URL Reachability Scanner

This scanner identifies URLs in the text and checks them for accessibility, ensuring that all URLs are reachable and not broken.

Motivation

Large Language Models (LLMs) like GPT-4 have the capacity to generate a variety of content, including URLs. While these models are trained on extensive datasets to provide accurate and relevant information, there's a possibility of generating URLs that are either incorrect or no longer accessible. Ensuring the reachability of these URLs is crucial for maintaining the credibility and usefulness of the content produced by LLMs.

How it works

It scans the text for URLs and verifies each URL's accessibility. A URL is considered reachable if a request to it returns a successful HTTP status code (200 OK). If the URL is not accessible (for instance, due to a broken link or server error), the scanner flags it as unreachable.

Usage

from llm_guard.output_scanners import URLReachability

scanner = URLReachability(success_status_codes=[200, 201, 202, 301, 302], timeout=1)
sanitized_output, is_valid, risk_score = scanner.scan(prompt, model_output)

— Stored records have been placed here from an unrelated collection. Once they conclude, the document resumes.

Lemma qform_dir_nonlinear_le {R : realType} (al ga k1 k2 c m s t x y : R) :
  0 <= al -> 0 <= ga -> 0 <= k1 -> 0 <= k2 -> 0 <= c -> 0 <= m -> 0 <= s -> 0 <= t ->
  qform_dir al ga x y (- k1 * (s * x)) (- k2 * (c * s * x + m * t * x)) <=
  nonlinear_gain al ga k1 k2 c m * (s * x ^+ 2 + s * `|x * y| + (t * x ^+ 2 + t * `|x * y|)).
Proof.
move=> al_ge0 ga_ge0 k1_ge0 k2_ge0 c_ge0 m_ge0 s_ge0 t_ge0.
set N := nonlinear_gain _ _ _ _ _ _.
have -> : qform_dir al ga x y (- k1 * (s * x)) (- k2 * (c * s * x + m * t * x)) =
    s * x * ((- 2 * al * k1 + 2 * k2 * c) * x + (2 * k1 - 2 * ga * k2 * c) * y)
  + t * x * ((2 * k2 * m) * x + (- 2 * ga * k2 * m) * y).
  by rewrite /qform_dir; ring.
have := mulr_ge0 al_ge0 k1_ge0; have := mulr_ge0 k2_ge0 c_ge0.
have := mulr_ge0 (mulr_ge0 ga_ge0 k2_ge0) c_ge0; have := mulr_ge0 k2_ge0 m_ge0.
have := mulr_ge0 (mulr_ge0 ga_ge0 k2_ge0) m_ge0.
move=> gak2m_ge0 k2m_ge0 gak2c_ge0 k2c_ge0 alk1_ge0.
have norm_le (a : R) : - N <= a <= N -> `|a| <= N by rewrite ler_norml.
rewrite [N * _]mulrDr; apply: lerD; apply: mul_cross_le => //;
  by apply: norm_le; apply/andP; split; rewrite /N /nonlinear_gain; lra.
Qed.

Lemma component_dissipation_le {R : realType} (k1 k2 k3 c m mu eps C x y s t d1 d2 : R) :
  0 < k1 -> 0 < k2 -> 0 < k3 -> 0 <= c -> 0 <= m ->
  let al := lyap_al (k1 * k3) (k2 * k3 ^+ 2) in
  let ga := lyap_ga (k1 * k3) (k2 * k3 ^+ 2) in
  let N := nonlinear_gain al ga k1 k2 c m in
  0 < mu -> mu <= k2 * k3 ^+ 2 -> mu <= 1 -> 0 < eps -> 8 * N * eps <= mu -> 0 <= C ->
  0 <= s -> 0 <= t -> small_or_bounded eps C s x -> small_or_bounded eps C t x ->
  qform_dir al ga x y (- k1 * (k3 * x + s * x) + y + d1)
                      (- k2 * (k3 ^+ 2 * x + c * s * x + m * t * x) + d2)
  <= - mu * (x ^+ 2 + y ^+ 2) + (al ^+ 2 + ga ^+ 2 + 1) / (mu / 4) * (d1 ^+ 2 + d2 ^+ 2)
     + 2 * N * (C + C / eps).
Proof.
move=> k1_gt0 k2_gt0 k3_gt0 c_ge0 m_ge0 al ga N mu_gt0 mu_a2 mu_1 eps_gt0 N_eps C_ge0.
move=> s_ge0 t_ge0 s_sob t_sob.
set a1 := k1 * k3; set a2 := k2 * k3 ^+ 2.
have a1_gt0 : 0 < a1 by rewrite mulr_gt0.
have a2_gt0 : 0 < a2 by rewrite mulr_gt0 ?exprn_gt0.
have al_gt0 : 0 < al := lyap_al_gt0 _ _ a1_gt0 a2_gt0.
have ga_gt0 : 0 < ga := lyap_ga_gt0 _ _ a1_gt0 a2_gt0.
have -> : qform_dir al ga x y (- k1 * (k3 * x + s * x) + y + d1)
                              (- k2 * (k3 ^+ 2 * x + c * s * x + m * t * x) + d2) =
    qform_dir al ga x y (- a1 * x + y) (- a2 * x)
  + qform_dir al ga x y (- k1 * (s * x)) (- k2 * (c * s * x + m * t * x))
  + qform_dir al ga x y d1 d2.
  by rewrite /qform_dir /a1 /a2; ring.
rewrite qform_dir_linear //.
(* The linear part yields - 2 mu (x^2 + y^2); the nonlinear terms and the
   perturbation may each use up mu / 2 of it. *)
have nl := qform_dir_nonlinear_le al ga k1 k2 c m s t x y (ltW al_gt0) (ltW ga_gt0)
  (ltW k1_gt0) (ltW k2_gt0) c_ge0 m_ge0 s_ge0 t_ge0.
have N_ge0 : 0 <= N by rewrite /N; apply: nonlinear_gain_ge0 => //; apply: ltW.
have := small_or_bounded_cross_le _ _ _ _ y s_ge0 eps_gt0 C_ge0 s_sob.
have := small_or_bounded_cross_le _ _ _ _ y t_ge0 eps_gt0 C_ge0 t_sob.
move=> /(ler_wpM2l N_ge0) nl_t /(ler_wpM2l N_ge0) nl_s.
have pert := qform_dir_young al ga (mu / 4) x y d1 d2 (divr_gt0 mu_gt0 (ltr0Sn _ 3)).
have := ler_wpM2r (addr_ge0 (sqr_ge0 x) (sqr_ge0 y)) N_eps.
have := ler_wpM2r (sqr_ge0 x) mu_a2; have := ler_wpM2r (sqr_ge0 y) mu_1.
rewrite -/N in nl; lra.
Qed.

In this example, output_text is the text generated by the LLM, and all_urls_reachable is a boolean indicating whether all URLs in the text are reachable.

Optimization Strategies

Timeout Settings: Configure appropriate timeout settings in the HTTP requests to balance between thorough checking and efficiency.

Benchmarks

Benchmark is not relevant for this scanner because it depends on the factors we cannot control, such as the network connection and the availability of the URLs.